Мы перебираем его «сокровища» двенадцать часов. Время от времени он засыпает в кресле, снова просыпается, греет себе чайник на кухне, возвращается. Только бы не увозили…

— Да успокойтесь вы. Никто вас никуда не повезет. Я, с вашего позволения, одну книгу возьму. На время.

— Какую? — вскидывает он голову.

— А вот эту. Простенькую.

Опять перемена в лице, потом покой и отрешенность.

Событие это было, наверное, в его жизни главнейшим. Значит, должна быть какая-то папка, может быть, дневник. Дневника в прямом смысле не обнаруживается, но пачка листков вложена в «Хронику одного месяца». Круг теперь сужается, по моим предположениям, до нескольких населенных пунктов. И кажется, среди них нет Кенигсберга. В этом наше счастье. Коммуникации под городом необъятны. А в случае какой-нибудь Калиновки, бывшей когда-то Лаувеном, шансы на успех резко возрастают.

Я забираю записные книжки с телефонами с клятвенными заверениями вернуть их на днях, городской телефонный справочник с пометками. Все это потом будет возвращено старику. И немного спустя он поймет, что дул вместо молока на воду. Живите долго, Олег Сергеевич.

Список приоритетных населенных пунктов составлен, люди уже на месте, приметы и возможные действия объектов поиска известны.

Вечером наша группа выезжает в купе Калининградского поезда к месту будущих событий. Нас — восемь человек. В объемных сумках — амуниция, аппаратура связи, оружие. Обычная рутинная работа. Только вот мое присутствие там может вызвать некоторые вопросы. Мое место все же в кабинете. Но это — уже издержки производства.

Работа сейчас идет по трем направлениям: поиски наших «героев», определение резидента, курирующего операцию «Регтайм», и контроль таможенных пунктов. После акции Шолтысика возможно изменение первоначально предусмотренного маршрута доставки контейнера с биологическим оружием. Только вот конечный пункт доставки, к сожалению, неизменен. То, что контейнер этот или контейнеры придут к нам именно из Польши или Литвы, а не самолетом из Москвы или Белоруссии, — аксиома. Прохождение нескольких контейнеров зафиксировано со склада под Кельном. Сейчас груз движется по маршруту с конечным пунктом — Сувалки (Польша). Подразделения для проведения операции развернуты.

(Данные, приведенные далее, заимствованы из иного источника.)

Lemma Ksymbol_root_low m : (m < j)%N -> Ksymbol.[m%:R] = 0.
Proof. by move=> lt_mj; rewrite Ksymbol_eval ffact_small // mulr0 mul0r. Qed.

Definition Kroots : seq nat := iota 0 j ++ iota (n - r + j).+1 (r - j).

Lemma uniq_Kroots : uniq Kroots.
Proof. by rewrite cat_uniq !iota_uniq andbT /=; apply/hasPn => m; rewrite !mem_iota; lia. Qed.

Hypotheses (le_jr : (j <= r)%N) (le_rn : (r <= n)%N).

Lemma size_Ksymbol : (size Ksymbol <= r.+1)%N.
Proof.
rewrite (leq_trans (size_scale_leq _ _)) // (leq_trans (size_polyMleq _ _)) //.
by rewrite size_ffpoly size_prod_XsubC [index_enum _]unlock -enumT size_enum_ord; lia.
Qed.

Lemma Ksymbol_root_high m : (n - r + j < m <= n)%N -> Ksymbol.[m%:R] = 0.
Proof.
move=> /andP[lt_m le_mn]; have lt_t : (n - m < r - j)%N by lia.
rewrite Ksymbol_eval (bigD1 (Ordinal lt_t)) //= -natrB ?leq_subr // subKn //.
by rewrite subrr mul0r mulr0.
Qed.

Lemma Ksymbol_neq0 : Ksymbol.[(n - r + j)%:R] != 0.
Proof.
rewrite Ksymbol_eval !mulf_neq0 ?signr_eq0 ?invr_eq0 ?pnatr_eq0 -?lt0n ?fact_gt0 //.
  by rewrite ffact_gt0; lia.
apply/prodf_neq0 => -[t lt_t] _ /=.
by rewrite subr_eq0 -natrB ?eqr_nat; lia.
Qed.

Lemma mem_Kroots m : (m \in Kroots) = (m < j)%N || (n - r + j < m <= n)%N.
Proof. by rewrite mem_cat !mem_iota; lia. Qed.

Lemma size_Kroots : size Kroots = r.
Proof. by rewrite size_cat !size_iota; lia. Qed.

Lemma Ksymbol_Kroots : {in Kroots, forall m, Ksymbol.[m%:R] = 0}.
Proof.
move=> m; rewrite mem_Kroots => /orP[];
  [exact: Ksymbol_root_low | exact: Ksymbol_root_high].
Qed.

Lemma eq_scale_Ksymbol (p : {poly R}) : (size p <= r.+1)%N ->
  {in Kroots, forall m, p.[m%:R] = 0} ->
  p = (p.[(n - r + j)%:R] / Ksymbol.[(n - r + j)%:R]) *: Ksymbol.
Proof.
move=> size_p p0; apply/eqP; rewrite -subr_eq0; apply/eqP.
apply: (@poly_eq0_at_nats _ _ ((n - r + j)%N :: Kroots)).
- by rewrite /= uniq_Kroots mem_Kroots andbT; lia.
- rewrite /= size_Kroots (leq_trans (size_polyD _ _)) // size_polyN geq_max size_p.
  by rewrite (leq_trans (size_scale_leq _ _)) // size_Ksymbol.
- move=> m; rewrite inE hornerD hornerN hornerZ => /predU1P[-> | Km].
    by rewrite mulfVK ?subrr // Ksymbol_neq0.
  by rewrite (p0 _ Km) (Ksymbol_Kroots Km) mulr0 subrr.
Qed.

Lemma Kop_has_degree_with : has_degree_with (Kop R n r j) (- j%:Z) (fun m => Ksymbol.[m%:R]).
Proof.
move=> m; split => [lt0 | ]; first by apply: Ksymbol_root_low; lia.
rewrite applyop_Kop; case: (leqP j m) => [le_jm | lt_mj].
  by congr (_ *: 'X^_); lia.
by rewrite Ksymbol_root_low // !scale0r.
Qed.
(* Let $T$ be a rooted tree with root $r$ and nonnegative node weights $p(\cdot)$, and let $H(T,r)$ be the weighted heavy path of $T$ containing $r$. Then a node $u\in H(T,r)$ minimizing $|2p(T_u)-p(T)|$ over $u\in H(T,r)$ is a middle point of $T$, i.e., it also minimizes $|2p(T_u)-p(T)|$ over all nodes $u$ of $T$.
   Context: Edges of $T$ are directed from parent to child. For a node $u$, $T_u$ is the subtree of $T$ rooted at $u$ (consisting of $u$ and all its descendants), and for a set $S$ of nodes $p(S)=\sum_{v\in S}p(v)$; $p(T)$ is the total weight of $T$. For each internal node $u$, choose a child $v$ of $u$ with the largest subtree weight $p(T_v)$ (ties broken arbitrarily); the edge $(u,v)$ is called heavy and the other outgoing edges of $u$ are light. A weighted heavy path is a maximal path formed by concatenating heavy edges; $H(T,r)$ is the one containing the root, i.e., the path obtained starting from $r$ and repeatedly following the heavy edge until reaching a leaf. *)

From HB Require Import structures.
From mathcomp Require Import all_boot all_order all_algebra.
Set Implicit Arguments. Unset Strict Implicit. Unset Printing Implicit Defensive.
Import Order.TTheory GRing.Theory Num.Theory.
Local Open Scope ring_scope.

(* Edges are directed from parent to child. *)
Definition rooted_tree (V : finType) (r : V) (par : V -> V) : Prop :=
  par r = r /\ forall v : V, exists k : nat, iter k par v = r.

Definition child (V : finType) (par : V -> V) : rel V :=
  fun u v => (par v == u) && (v != u).

Definition subtree (V : finType) (par : V -> V) (u : V) : {set V} :=
  [set v | connect (child par) u v].

Definition wt (R : numDomainType) (V : finType) (p : V -> R) (S : {set V}) : R :=
  \sum_(v in S) p v.

Definition internal (V : finType) (par : V -> V) (u : V) : bool :=
  [exists v, child par u v].

Definition heavy_choice (R : numDomainType) (V : finType) (par : V -> V)
    (p : V -> R) (h : V -> V) : Prop :=
  forall u, internal par u ->
    child par u (h u) /\
    forall c, child par u c -> wt p (subtree par c) <= wt p (subtree par (h u)).

Definition on_heavy_path (V : finType) (par : V -> V) (h : V -> V) (r v : V) : Prop :=
  exists k : nat, iter k h r = v /\ forall j : nat, (j < k)%N -> internal par (iter j h r).

From HB Require Import structures.
From mathcomp Require Import all_boot all_order all_algebra.
From mathcomp Require Import lra.
Set Implicit Arguments. Unset Strict Implicit. Unset Printing Implicit Defensive.
Import Order.TTheory GRing.Theory Num.Theory.
Local Open Scope ring_scope.

(* A node v off the heavy path
   leaves it through a light child c of some path node x, so v lies in T_c
   with p(T_v) <= p(T_c) <= p(T_(h x)); as T_c and T_(h x) are disjoint,
   also p(T_c) + p(T_(h x)) <= p(T).  These inequalities give
   |2 p(T_(h x)) - p(T)| <= |2 p(T_v) - p(T)|, and h x is on the heavy path. *)

Section Ancestry.

Variables (V : finType) (par : V -> V).

Lemma connect_child_iter_par a b :
  connect (child par) a b -> exists m, iter m par b = a.
Proof.
move/connectP=> [s pth ->]; elim: s a pth => [|x s IH] a /=; first by exists 0%N.
case/andP=> [/andP[/eqP pa _] pth]; have [m Hm] := IH x pth.
by exists m.+1; rewrite iterS Hm pa.
Qed.

Lemma connect_iter_par n a : connect (child par) (iter n par a) a.
Proof.
elim: n => [|n IH]; first exact: connect0.
rewrite iterS; set b := iter n par a.
have [-> // | pb] := eqVneq (par b) b.
by apply: connect_trans IH; apply: connect1; rewrite /child eqxx eq_sym pb.
Qed.

Lemma connect_child_par a b :
  connect (child par) a b -> b != a -> connect (child par) a (par b).
Proof.
case/connect_child_iter_par=> [[|m] <-]; first by rewrite eqxx.
by rewrite iterSr => _; apply: connect_iter_par.
Qed.

Lemma connect_child_total a b x :
  connect (child par) a x -> connect (child par) b x ->
  connect (child par) a b || connect (child par) b a.
Proof.
case/connect_child_iter_par=> m <-; case/connect_child_iter_par=> n <-.
have [le_mn | /ltnW le_nm] := leqP m n.
  by rewrite -(subnK le_mn) iterD connect_iter_par orbT.
by rewrite -(subnK le_nm) iterD connect_iter_par.
Qed.

Lemma connect_child_decomp u v :
  connect (child par) u v -> v != u ->
  exists2 c, child par u c & connect (child par) c v.
Proof.
move/connectP=> [[|x s] /= pth ->]; first by rewrite eqxx.
by case/andP: pth => cux pth _; exists x => //; apply/connectP; exists s.
Qed.

Lemma mem_subtree_trans a b :
  b \in subtree par a -> subtree par b \subset subtree par a.
Proof.
by rewrite inE => ab; apply/subsetP => x; rewrite !inE; apply: connect_trans.
Qed.

End Ancestry.

Section RootedTree.

Variables (V : finType) (r : V) (par : V -> V).
Hypothesis tree : rooted_tree r par.

Lemma iter_par_root n : iter n par r = r.
Proof. by case: tree => pr _; elim: n => //= n ->. Qed.

Lemma iter_par_cycle n x : iter n.+1 par x = x -> x = r.
Proof.
move=> cyc; have [k xk] := tree.2 x.
have periodic q : iter (q * n.+1) par x = x.
  by elim: q => [|q IH] //; rewrite mulSn iterD IH cyc.
by rewrite -(periodic k) mulnC mulSn addnC iterD xk iter_par_root.
Qed.

Lemma child_not_ancestor u c : child par u c -> ~~ connect (child par) c u.
Proof.
case/andP=> /eqP pc cu; apply/negP; case/connect_child_iter_par=> n unc.
have ur : u = r by apply: (@iter_par_cycle n); rewrite iterS unc pc.
by move: cu; rewrite -unc ur iter_par_root eqxx.
Qed.

Lemma subtree_child_proper u c :
  child par u c -> subtree par c \proper subtree par u.
Proof.
move=> uc; rewrite properE mem_subtree_trans ?inE ?connect1 //=.
by apply/subsetPn; exists u; rewrite !inE ?connect0 ?(negbTE (child_not_ancestor uc)).
Qed.

Lemma subtree_children_disjoint u c d :
  child par u c -> child par u d -> c != d ->
  [disjoint subtree par c & subtree par d].
Proof.
have no_nest c' d' : child par u c' -> child par u d' -> d' != c' ->
    ~~ connect (child par) c' d'.
  move=> uc' /andP[/eqP pd _] dc'; apply/negP => /connect_child_par/(_ dc').
  by rewrite pd; apply/negP; apply: child_not_ancestor.
move=> uc ud cd; apply/pred0P => x /=; rewrite !inE.
apply/negP => /andP[cx dx]; have := connect_child_total cx dx.
by rewrite (negbTE (no_nest _ _ uc ud _)) ?(negbTE (no_nest _ _ ud uc _)) // eq_sym.
Qed.

Lemma mem_subtree_root v : v \in subtree par r.
Proof. by have [k <-] := tree.2 v; rewrite inE connect_iter_par. Qed.

End RootedTree.

Section Weights.

Variables (R : numDomainType) (V : finType) (p : V -> R).
Hypothesis p_ge0 : forall v, 0 <= p v.

Lemma wt_subset (A B : {set V}) : A \subset B -> wt p A <= wt p B.
Proof.
move=> AB; rewrite /wt [leRHS](big_setID A) /= (setIidPr AB) lerDl.
exact: sumr_ge0.
Qed.

Lemma wt_setU_disjoint (A B : {set V}) :
  [disjoint A & B] -> wt p (A :|: B) = wt p A + wt p B.
Proof.
by move=> AB; rewrite /wt -bigU //; apply: eq_bigl => x; rewrite inE.
Qed.

End Weights.

Lemma imbalance_le (R : realDomainType) (W a b e : R) :
  e <= b -> b <= a -> a + b <= W -> `|2 * a - W| <= `|2 * e - W|.
Proof.
move=> *; rewrite (ler0_norm (x := 2 * e - W)); last by lra.
by rewrite ler_norml; apply/andP; split; lra.
Qed.

Section HeavyPath.

Variables (V : finType) (r : V) (par : V -> V) (h : V -> V).
Hypothesis tree : rooted_tree r par.

Definition light_child (u c : V) : bool := child par u c && (c != h u).

Lemma light_child_internal u c : light_child u c -> internal par u.
Proof. by case/andP=> uc _; apply/existsP; exists c. Qed.

Lemma heavy_path_exit x v : v \in subtree par x ->
  exists k, (forall j, (j < k)%N -> internal par (iter j h x)) /\
    (v = iter k h x \/ exists2 c, light_child (iter k h x) c & v \in subtree par c).
Proof.
move: {2}#|_| (leqnn #|subtree par x|) => n; elim: n x => [|n IH] x.
  by rewrite leqn0 => /eqP/cards0_eq ->; rewrite inE.
move=> card_x xv; have [-> | vx] := eqVneq v x; first by exists 0%N; split; [|left].
have [c xc cv] : exists2 c, child par x c & v \in subtree par c.
  by move: xv; rewrite inE => /connect_child_decomp/(_ vx)[c]; exists c; rewrite ?inE.
have [ch | ch] := eqVneq c (h x); last first.
  by exists 0%N; split=> //; right; exists c => //; apply/andP.
subst c; have card_h : (#|subtree par (h x)| <= n)%N.
  by rewrite -ltnS (leq_trans _ card_x) // proper_card // (subtree_child_proper tree).
have [k [pre exit]] := IH _ card_h cv.
exists k.+1; split; last by rewrite iterSr.
case=> [|j] jk; first by apply/existsP; exists (h x).
by rewrite iterSr; apply: pre.
Qed.

End HeavyPath.

Lemma heavy_child_imbalance_le (R : realDomainType) (V : finType) (r : V)
    (par : V -> V) (p : V -> R) (h : V -> V) u c v :
  rooted_tree r par -> (forall v, 0 <= p v) -> heavy_choice par p h ->
  light_child par h u c -> v \in subtree par c ->
  `|2 * wt p (subtree par (h u)) - wt p [set: V]| <=
  `|2 * wt p (subtree par v) - wt p [set: V]|.
Proof.
move=> tree p_ge0 heavy lc cv; have [uh hmax] := heavy _ (light_child_internal lc).
case/andP: lc => uc ch.
apply: (imbalance_le (b := wt p (subtree par c))).
- exact: (wt_subset (R := R) p_ge0 (mem_subtree_trans cv)).
- exact: hmax.
- have disj : [disjoint subtree par (h u) & subtree par c].
    by apply: (subtree_children_disjoint tree uh uc); rewrite eq_sym.
  have := (wt_subset (R := R) p_ge0 (subsetT (subtree par (h u) :|: subtree par c))).
  by rewrite wt_setU_disjoint.
Qed.

Theorem theorem5 (R : realDomainType) (V : finType) (r : V) (par : V -> V)
    (p : V -> R) (h : V -> V) :
  rooted_tree r par ->
  (forall v, 0 <= p v) ->
  heavy_choice par p h ->
  forall u : V, on_heavy_path par h r u ->
  (forall w : V, on_heavy_path par h r w ->
     `|2 * wt p (subtree par u) - wt p [set: V]| <=
     `|2 * wt p (subtree par w) - wt p [set: V]|) ->
  forall v : V,
     `|2 * wt p (subtree par u) - wt p [set: V]| <=
     `|2 * wt p (subtree par v) - wt p [set: V]|.
Proof.
move=> tree p_ge0 heavy u _ u_min v.
have [k [pre [-> | [c lc cv]]]] := heavy_path_exit h tree (mem_subtree_root tree v).
  by apply: u_min; exists k.
apply: le_trans (u_min (iter k.+1 h r) _) _.
  exists k.+1; split=> // j; rewrite ltnS leq_eqVlt => /predU1P[-> |].
    exact: light_child_internal lc.
  exact: pre.
by rewrite iterS; apply: heavy_child_imbalance_le tree p_ge0 heavy lc cv.
Qed.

Таможенных пунктов десять. Груз может прийти и в Неман, и в Нестерово, и на железнодорожную таможню в Правдинск. Контейнеры могут находиться в коробках с лимонадом, в тайнике автомашины, в чемодане туриста. Вероятность того, что они пройдут на нашу территорию, превышает половину отпущенных шансов. Тотальную проверку засаботируют, замотают люди Господина Ши. «Все золото мира» победит еще раз.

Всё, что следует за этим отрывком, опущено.